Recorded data
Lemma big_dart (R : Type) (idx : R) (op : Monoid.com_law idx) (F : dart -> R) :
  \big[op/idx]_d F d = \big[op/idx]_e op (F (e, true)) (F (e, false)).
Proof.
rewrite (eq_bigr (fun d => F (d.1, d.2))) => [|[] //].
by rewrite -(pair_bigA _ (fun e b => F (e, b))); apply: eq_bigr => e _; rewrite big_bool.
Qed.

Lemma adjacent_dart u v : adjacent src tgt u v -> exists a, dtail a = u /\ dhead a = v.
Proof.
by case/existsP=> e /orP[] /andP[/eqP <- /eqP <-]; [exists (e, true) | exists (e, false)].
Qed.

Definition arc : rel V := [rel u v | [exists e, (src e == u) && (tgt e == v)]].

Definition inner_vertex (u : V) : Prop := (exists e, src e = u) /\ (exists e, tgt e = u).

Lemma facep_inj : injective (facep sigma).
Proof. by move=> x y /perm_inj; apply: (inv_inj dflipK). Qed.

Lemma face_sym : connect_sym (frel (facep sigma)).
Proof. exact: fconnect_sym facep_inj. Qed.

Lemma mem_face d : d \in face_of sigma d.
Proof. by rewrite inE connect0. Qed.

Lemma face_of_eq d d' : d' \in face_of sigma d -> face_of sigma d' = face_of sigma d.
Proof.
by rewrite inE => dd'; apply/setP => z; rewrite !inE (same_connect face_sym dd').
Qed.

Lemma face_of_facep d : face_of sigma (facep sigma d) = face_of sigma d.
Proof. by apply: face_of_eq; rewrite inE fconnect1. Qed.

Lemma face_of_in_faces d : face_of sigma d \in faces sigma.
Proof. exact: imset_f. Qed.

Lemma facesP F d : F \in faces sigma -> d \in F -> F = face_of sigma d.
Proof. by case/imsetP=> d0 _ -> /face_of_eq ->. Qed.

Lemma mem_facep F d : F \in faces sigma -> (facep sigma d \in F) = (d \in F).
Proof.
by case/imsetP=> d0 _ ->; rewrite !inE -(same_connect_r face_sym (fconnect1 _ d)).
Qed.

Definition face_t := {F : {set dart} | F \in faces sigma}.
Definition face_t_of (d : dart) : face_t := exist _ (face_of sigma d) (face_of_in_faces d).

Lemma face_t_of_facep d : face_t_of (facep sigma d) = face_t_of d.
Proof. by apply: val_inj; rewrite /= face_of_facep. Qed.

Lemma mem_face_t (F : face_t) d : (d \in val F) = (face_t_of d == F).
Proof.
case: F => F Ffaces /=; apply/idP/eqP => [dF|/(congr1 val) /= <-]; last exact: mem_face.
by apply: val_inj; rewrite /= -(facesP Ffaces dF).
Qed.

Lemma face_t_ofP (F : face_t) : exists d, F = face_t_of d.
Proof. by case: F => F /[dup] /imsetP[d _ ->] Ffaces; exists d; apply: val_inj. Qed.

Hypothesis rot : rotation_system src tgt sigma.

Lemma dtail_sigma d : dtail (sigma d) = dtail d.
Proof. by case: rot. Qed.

- About this exercise
The lines above from the one with "Lemma adjacent_dart u" through the one with "Proof. by apply: face_of_eq;" are to be duplicated exactly, ends included, with nothing added.

- Solution below
Lemma adjacent_dart u v : adjacent src tgt u v -> exists a, dtail a = u /\ dhead a = v.
Proof.
by case/existsP=> e /orP[] /andP[/eqP <- /eqP <-]; [exists (e, true) | exists (e, false)].
Qed.

Definition arc : rel V := [rel u v | [exists e, (src e == u) && (tgt e == v)]].

Definition inner_vertex (u : V) : Prop := (exists e, src e = u) /\ (exists e, tgt e = u).

Lemma facep_inj : injective (facep sigma).
Proof. by move=> x y /perm_inj; apply: (inv_inj dflipK). Qed.

Lemma face_sym : connect_sym (frel (facep sigma)).
Proof. exact: fconnect_sym facep_inj. Qed.

Lemma mem_face d : d \in face_of sigma d.
Proof. by rewrite inE connect0. Qed.

Lemma face_of_eq d d' : d' \in face_of sigma d -> face_of sigma d' = face_of sigma d.
Proof.
by rewrite inE => dd'; apply/setP => z; rewrite !inE (same_connect face_sym dd').
Qed.

Lemma face_of_facep d : face_of sigma (facep sigma d) = face_of sigma d.
Proof. by apply: face_of_eq; rewrite inE fconnect1. Qed.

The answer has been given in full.